WHAT YOU ARE ASKED TO DO:
Restate the lines word for word, from the one containing "apply: (biholomorphism_of_inverse LL4_to_FK" through the last line of the entries below, without any other lines.

ENTRIES SHOWN:
(* For t := ||A||^2 the hermitian form t |v|^2 - |A v|^2 is positive
   semidefinite; its matrix is t - A^* A, with diagonal entries [p], [r] and
   off-diagonal entry [h] below. *)
Lemma contractive_of_opnorm_lt1 : opnorm A < 1 -> contractive2 F D.
Proof.
move=> opnorm_lt1; have opnorm0 := opnorm_ge0.
set t := opnorm A ^+ 2.
have t_ge0 : 0 <= t by rewrite sqr_ge0.
have t_lt1 : t < 1 by rewrite /t; nra.
set p := t - (normc2 a + normc2 c); set r := t - (normc2 b + normc2 d).
set h := - (a^*%C * b + c^*%C * d).
have psd x y : 0 <= hform p r h x y.
  have -> : hform p r h x y = t * (normc2 x + normc2 y) - mxform x y.
    by rewrite /hform /mxform /p /r /h /normc2 !ReImE; ring.
  by rewrite subr_ge0; exact: mxform_le_opnorm.
have [p_ge0 r_ge0 h_le] := hform_psd psd.
have F_eq : F = 2%:R * t - p - r by rewrite /p /r; ring.
have det_eq : 1 - F + D = (p * r - normc2 h) + (1 - t) * (1 - t + p + r).
  by rewrite F_eq /p /r /h /normc2 !ReImE; ring.
by split; rewrite ?det_eq; nra.
Qed.

Lemma opnorm_mx2_lt1 : opnorm A < 1 <-> contractive2 F D.
Proof.
by split; [exact: contractive_of_opnorm_lt1 | exact: opnorm_lt1_of_contractive].
Qed.

End OperatorNorm2.

Section LieBallCoordinates.
Variable R : realType.
Local Notation C := R[i].
Implicit Types (s : seq C) (x : C).

Lemma mkptP n (z : 'rV[C]_n) : exists2 s, size s = n & z = mkpt n s.
Proof.
exists [seq z ord0 j | j <- enum 'I_n]; first by rewrite size_map size_enum_ord.
by apply/rowP => j; rewrite mxE (nth_map j) ?size_enum_ord // nth_ord_enum.
Qed.

Lemma cw_mkpt n s k : (0 < k <= n.+1)%N -> cw (mkpt n.+1 s) k = s`_k.-1.
Proof. by case/andP=> k_gt0 k_le; rewrite /cw mxE inordK // prednK. Qed.

Lemma eq_cw n (w w' : 'rV[C]_n.+1) :
  (forall k, (0 < k <= n.+1)%N -> cw w k = cw w' k) -> w = w'.
Proof.
by move=> eq_w; apply/rowP => j; have := eq_w j.+1 (ltn_ord j); rewrite /cw inord_val.
Qed.

Lemma Lambda_mkpt n x s : Lambda (mkpt n.+1 (x :: s)) = mkpt n.+1 (x ^+ 2 :: s).
Proof. by apply/rowP => -[[|j] ?]; rewrite !mxE. Qed.

Lemma sum_mkpt (V : nmodType) (F : C -> V) n s : size s = n ->
  \sum_(j < n) F (mkpt n s ord0 j) = \sum_(x <- s) F x.
Proof.
move=> <-; rewrite (big_nth 0) big_mkord.
by apply: eq_bigr => j _; rewrite mxE.
Qed.

Lemma LieBall_contractive n (z : 'rV[C]_n) : LieBall n z <->
  contractive2 (2%:R * sqnorm z) (normc2 (\sum_(j < n) z ord0 j ^+ 2)).
Proof.
rewrite /LieBall /ball_n /= cabs_sqr /contractive2.
have := normc2_ge0 (\sum_(j < n) z ord0 j ^+ 2).
split=> [[N_lt1 /ltr_sqrt_sqr]|[N_lt1 P_gt]].
  by rewrite subr_gt0 => /(_ N_lt1); nra.
by split; [lra | apply/ltr_sqrt_sqr; [lra | nra]].
Qed.

Lemma LieBall_mkpt n s : size s = n -> LieBall n (mkpt n s) <->
  contractive2 (2%:R * \sum_(x <- s) normc2 x) (normc2 (\sum_(x <- s) x ^+ 2)).
Proof.
move=> size_s; rewrite LieBall_contractive /sqnorm (sum_mkpt (fun x => x ^+ 2)) //.
by rewrite (sum_mkpt (fun x => cabs x ^+ 2)) //; under eq_bigr do rewrite cabs_sqr.
Qed.

End LieBallCoordinates.

Lemma differentiable_row (K : numFieldType) n m (s : 'rV[K]_n -> seq K) x :
  (forall j, (j < m)%N -> differentiable (fun w => (s w)`_j) x) ->
  differentiable (fun w => \row_(j < m) (s w)`_j) x.
Proof.
move=> ds; have -> : (fun w => \row_(j < m) (s w)`_j) =
    \sum_(j < m) (fun w => (s w)`_j *: delta_mx ord0 j).
  apply/funext => w; rewrite fct_sumE [LHS]row_sum_delta.
  by apply: eq_bigr => j _; rewrite mxE.
by apply: differentiable_sum => j; apply: differentiableZl; exact: ds.
Qed.

Ltac differentiable_poly :=
  repeat first [ apply: differentiableD | apply: differentiableB
               | apply: differentiableN | apply: differentiableM
               | apply: differentiableX | apply: differentiable_coord
               | apply: differentiable_cst ].

Section Biholomorphisms.
Variable R : realType.
Local Notation C := R[i].

Lemma biholomorphism_of_inverse n (D1 D2 : set 'rV[C]_n)
    (f g : 'rV[C]_n -> 'rV[C]_n) :
  cancel f g -> cancel g f ->
  (forall z, D1 z -> D2 (f z)) -> (forall w, D2 w -> D1 (g w)) ->
  (forall z, differentiable f z) -> (forall w, differentiable g w) ->
  biholomorphism D1 D2 f.
Proof. by move=> fK gK fD gD df dg; exists g; split=> [z /fD|w /gD|z _|w _]. Qed.

Definition LL2_to_G2 (w : 'rV[C]_2) : 'rV[C]_2 :=
  mkpt 2 [:: 2%:R * 'i%C * cw w 2; - cw w 1 - cw w 2 ^+ 2].
Definition G2_to_LL2 (x : 'rV[C]_2) : 'rV[C]_2 :=
  mkpt 2 [:: cw x 1 ^+ 2 / 4%:R - cw x 2; - 'i%C * cw x 1 / 2%:R].

Lemma LL2_to_G2K : cancel LL2_to_G2 G2_to_LL2.
Proof.
move=> w; apply: eq_cw => -[|[|[|//]]] // _.
all: by rewrite !cw_mkpt //=; field: (sqr_i R).
Qed.

Lemma G2_to_LL2K : cancel G2_to_LL2 LL2_to_G2.
Proof.
move=> x; apply: eq_cw => -[|[|[|//]]] // _.
all: by rewrite !cw_mkpt //=; field: (sqr_i R).
Qed.

Lemma LieBall2_disc (z1 z2 : C) : LieBall 2 (mkpt 2 [:: z1; z2]) <->
  disc (z1 + 'i%C * z2) /\ disc (- z1 + 'i%C * z2).
Proof.
rewrite LieBall_mkpt // disc2_contractive !big_cons !big_nil !addr0.
have -> : (z1 + 'i%C * z2) * (- z1 + 'i%C * z2) = - (z1 ^+ 2 + z2 ^+ 2).
  by ring: (sqr_i R).
have -> : normc2 (z1 + 'i%C * z2) + normc2 (- z1 + 'i%C * z2) =
          2%:R * (normc2 z1 + normc2 z2).
  by rewrite /normc2 !ReImE /=; ring.
by rewrite normc2N.
Qed.

Lemma LL2_to_G2_in z : LL 2 z -> G2 (LL2_to_G2 z).
Proof.
case=> y + <-; have [[|z1 [|z2 []]] // _ ->] := mkptP y.
move=> /LieBall2_disc[d1 d2]; exists (z1 + 'i%C * z2), (- z1 + 'i%C * z2).
do 2 split => //; rewrite Lambda_mkpt /LL2_to_G2 !cw_mkpt //=.
by congr (mkpt 2 [:: _; _]); ring: (sqr_i R).
Qed.

Lemma G2_to_LL2_in x : G2 x -> LL 2 (G2_to_LL2 x).
Proof.
case=> l1 [l2 [d1 [d2 ->]]].
exists (mkpt 2 [:: (l1 - l2) / 2%:R; - 'i%C * (l1 + l2) / 2%:R]).
  apply/LieBall2_disc; split.
    by have -> : (l1 - l2) / 2%:R + 'i%C * (- 'i%C * (l1 + l2) / 2%:R) = l1
      by field: (sqr_i R).
  by have -> : - ((l1 - l2) / 2%:R) + 'i%C * (- 'i%C * (l1 + l2) / 2%:R) = l2
    by field: (sqr_i R).
rewrite Lambda_mkpt /G2_to_LL2 !cw_mkpt //=.
by congr (mkpt 2 [:: _; _]); field: (sqr_i R).
Qed.

Lemma biholomorphism_LL2_G2 : biholomorphism (LL 2) G2 LL2_to_G2.
Proof.
apply: (biholomorphism_of_inverse LL2_to_G2K G2_to_LL2K LL2_to_G2_in G2_to_LL2_in).
  by move=> w; apply: differentiable_row => -[|[|//]] _ /=; differentiable_poly.
by move=> x; apply: differentiable_row => -[|[|//]] _ /=; differentiable_poly.
Qed.

Definition LL3_to_E (w : 'rV[C]_3) : 'rV[C]_3 :=
  mkpt 3 [:: cw w 2 + 'i%C * cw w 3; - cw w 2 + 'i%C * cw w 3;
             - cw w 3 ^+ 2 - cw w 2 ^+ 2 - cw w 1].
Definition E_to_LL3 (x : 'rV[C]_3) : 'rV[C]_3 :=
  mkpt 3 [:: cw x 1 * cw x 2 - cw x 3; (cw x 1 - cw x 2) / 2%:R;
             - 'i%C * (cw x 1 + cw x 2) / 2%:R].

Lemma LL3_to_EK : cancel LL3_to_E E_to_LL3.
Proof.
move=> w; apply: eq_cw => -[|[|[|[|//]]]] // _.
all: by rewrite !cw_mkpt //=; field: (sqr_i R).
Qed.

Lemma E_to_LL3K : cancel E_to_LL3 LL3_to_E.
Proof.
move=> x; apply: eq_cw => -[|[|[|[|//]]]] // _.
all: by rewrite !cw_mkpt //=; field: (sqr_i R).
Qed.

Lemma LieBall3_opnorm (z1 z2 z3 : C) : LieBall 3 (mkpt 3 [:: z1; z2; z3]) <->
  opnorm (mx2 (z2 + 'i%C * z3) z1 z1 (- z2 + 'i%C * z3)) < 1.
Proof.
rewrite LieBall_mkpt // opnorm_mx2_lt1 !big_cons !big_nil !addr0.
have -> : (z2 + 'i%C * z3) * (- z2 + 'i%C * z3) - z1 * z1 =
          - (z1 ^+ 2 + (z2 ^+ 2 + z3 ^+ 2)) by ring: (sqr_i R).
have -> : normc2 (z2 + 'i%C * z3) + normc2 z1 + normc2 z1 + normc2 (- z2 + 'i%C * z3)
          = 2%:R * (normc2 z1 + (normc2 z2 + normc2 z3)).
  by rewrite /normc2 !ReImE /=; ring.
by rewrite normc2N.
Qed.

Lemma LL3_to_E_in z : LL 3 z -> Tetrablock (LL3_to_E z).
Proof.
case=> y + <-; have [[|z1 [|z2 [|z3 []]]] // _ ->] := mkptP y.
move=> /LieBall3_opnorm A_lt1.
exists (mx2 (z2 + 'i%C * z3) z1 z1 (- z2 + 'i%C * z3)).
split; first by split; rewrite ?mx2_tr.
rewrite Lambda_mkpt /LL3_to_E !cw_mkpt //= !mx2E.
by congr (mkpt 3 [:: _; _; _]); ring: (sqr_i R).
Qed.

Lemma E_to_LL3_in x : Tetrablock x -> LL 3 (E_to_LL3 x).
Proof.
case=> A [[A_sym A_lt1] ->].
have A10 : A (inord 1) ord0 = A ord0 (inord 1) by rewrite -[in LHS]A_sym mxE.
move: A_lt1; rewrite (mx2_entries A) A10.
set a := A ord0 ord0; set b := A ord0 (inord 1); set d := A (inord 1) (inord 1).
move=> A_lt1; exists (mkpt 3 [:: b; (a - d) / 2%:R; - 'i%C * (a + d) / 2%:R]).
  apply/LieBall3_opnorm; congr (opnorm _ < 1): A_lt1.
  by congr mx2; field: (sqr_i R).
rewrite Lambda_mkpt /E_to_LL3 !cw_mkpt //= !mx2E.
by congr (mkpt 3 [:: _; _; _]); field: (sqr_i R).
Qed.

Lemma biholomorphism_LL3_E : biholomorphism (LL 3) Tetrablock LL3_to_E.
Proof.
apply: (biholomorphism_of_inverse LL3_to_EK E_to_LL3K LL3_to_E_in E_to_LL3_in).
  by move=> w; apply: differentiable_row => -[|[|[|//]]] _ /=; differentiable_poly.
by move=> x; apply: differentiable_row => -[|[|[|//]]] _ /=; differentiable_poly.
Qed.

Definition LL4_to_F (w : 'rV[C]_4) : 'rV[C]_4 :=
  mkpt 4 [:: cw w 3 + 'i%C * cw w 4; - cw w 3 + 'i%C * cw w 4;
             - cw w 2 ^+ 2 - cw w 3 ^+ 2 - cw w 4 ^+ 2 - cw w 1; 2%:R * cw w 2].
Definition F_to_LL4 (x : 'rV[C]_4) : 'rV[C]_4 :=
  mkpt 4 [:: cw x 1 * cw x 2 - cw x 4 ^+ 2 / 4%:R - cw x 3; cw x 4 / 2%:R;
             (cw x 1 - cw x 2) / 2%:R; - 'i%C * (cw x 1 + cw x 2) / 2%:R].

Lemma LL4_to_FK : cancel LL4_to_F F_to_LL4.
Proof.
move=> w; apply: eq_cw => -[|[|[|[|[|//]]]]] // _.
all: by rewrite !cw_mkpt //=; field: (sqr_i R).
Qed.

Lemma F_to_LL4K : cancel F_to_LL4 LL4_to_F.
Proof.
move=> x; apply: eq_cw => -[|[|[|[|[|//]]]]] // _.
all: by rewrite !cw_mkpt //=; field: (sqr_i R).
Qed.

Lemma LieBall4_opnorm (z1 z2 z3 z4 : C) :
  LieBall 4 (mkpt 4 [:: z1; z2; z3; z4]) <->
  opnorm (mx2 (z3 + 'i%C * z4) (z2 + 'i%C * z1)
              (z2 - 'i%C * z1) (- z3 + 'i%C * z4)) < 1.
Proof.
rewrite LieBall_mkpt // opnorm_mx2_lt1 !big_cons !big_nil !addr0.
have -> : (z3 + 'i%C * z4) * (- z3 + 'i%C * z4)
          - (z2 + 'i%C * z1) * (z2 - 'i%C * z1) =
          - (z1 ^+ 2 + (z2 ^+ 2 + (z3 ^+ 2 + z4 ^+ 2))) by ring: (sqr_i R).
have -> : normc2 (z3 + 'i%C * z4) + normc2 (z2 + 'i%C * z1)
          + normc2 (z2 - 'i%C * z1) + normc2 (- z3 + 'i%C * z4)
          = 2%:R * (normc2 z1 + (normc2 z2 + (normc2 z3 + normc2 z4))).
  by rewrite /normc2 !ReImE /=; ring.
by rewrite normc2N.
Qed.

Lemma LL4_to_F_in z : LL 4 z -> Fdom (LL4_to_F z).
Proof.
case=> y + <-; have [[|z1 [|z2 [|z3 [|z4 []]]]] // _ ->] := mkptP y.
move=> /LieBall4_opnorm A_lt1.
exists (mx2 (z3 + 'i%C * z4) (z2 + 'i%C * z1) (z2 - 'i%C * z1) (- z3 + 'i%C * z4)).
split=> //; rewrite Lambda_mkpt /LL4_to_F !cw_mkpt //= !mx2E.
by congr (mkpt 4 [:: _; _; _; _]); ring: (sqr_i R).
Qed.

Lemma F_to_LL4_in x : Fdom x -> LL 4 (F_to_LL4 x).
Proof.
case=> A [A_lt1 ->]; move: A_lt1; rewrite (mx2_entries A).
set a := A ord0 ord0; set b := A ord0 (inord 1).
set c := A (inord 1) ord0; set d := A (inord 1) (inord 1).
move=> A_lt1; exists (mkpt 4 [:: - 'i%C * (b - c) / 2%:R; (b + c) / 2%:R;
                               (a - d) / 2%:R; - 'i%C * (a + d) / 2%:R]).
  apply/LieBall4_opnorm; congr (opnorm _ < 1): A_lt1.
  by congr mx2; field: (sqr_i R).
rewrite Lambda_mkpt /F_to_LL4 !cw_mkpt //= !mx2E.
by congr (mkpt 4 [:: _; _; _; _]); field: (sqr_i R).
Qed.

Lemma biholomorphism_LL4_F : biholomorphism (LL 4) Fdom LL4_to_F.
Proof.
apply: (biholomorphism_of_inverse LL4_to_FK F_to_LL4K LL4_to_F_in F_to_LL4_in).
  by move=> w; apply: differentiable_row => -[|[|[|[|//]]]] _ /=; differentiable_poly.
by move=> x; apply: differentiable_row => -[|[|[|[|//]]]] _ /=; differentiable_poly.
Qed.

SOLUTION FOR THIS TASK:
apply: (biholomorphism_of_inverse LL4_to_FK F_to_LL4K LL4_to_F_in F_to_LL4_in).
  by move=> w; apply: differentiable_row => -[|[|[|[|//]]]] _ /=; differentiable_poly.
by move=> x; apply: differentiable_row => -[|[|[|[|//]]]] _ /=; differentiable_poly.
Qed.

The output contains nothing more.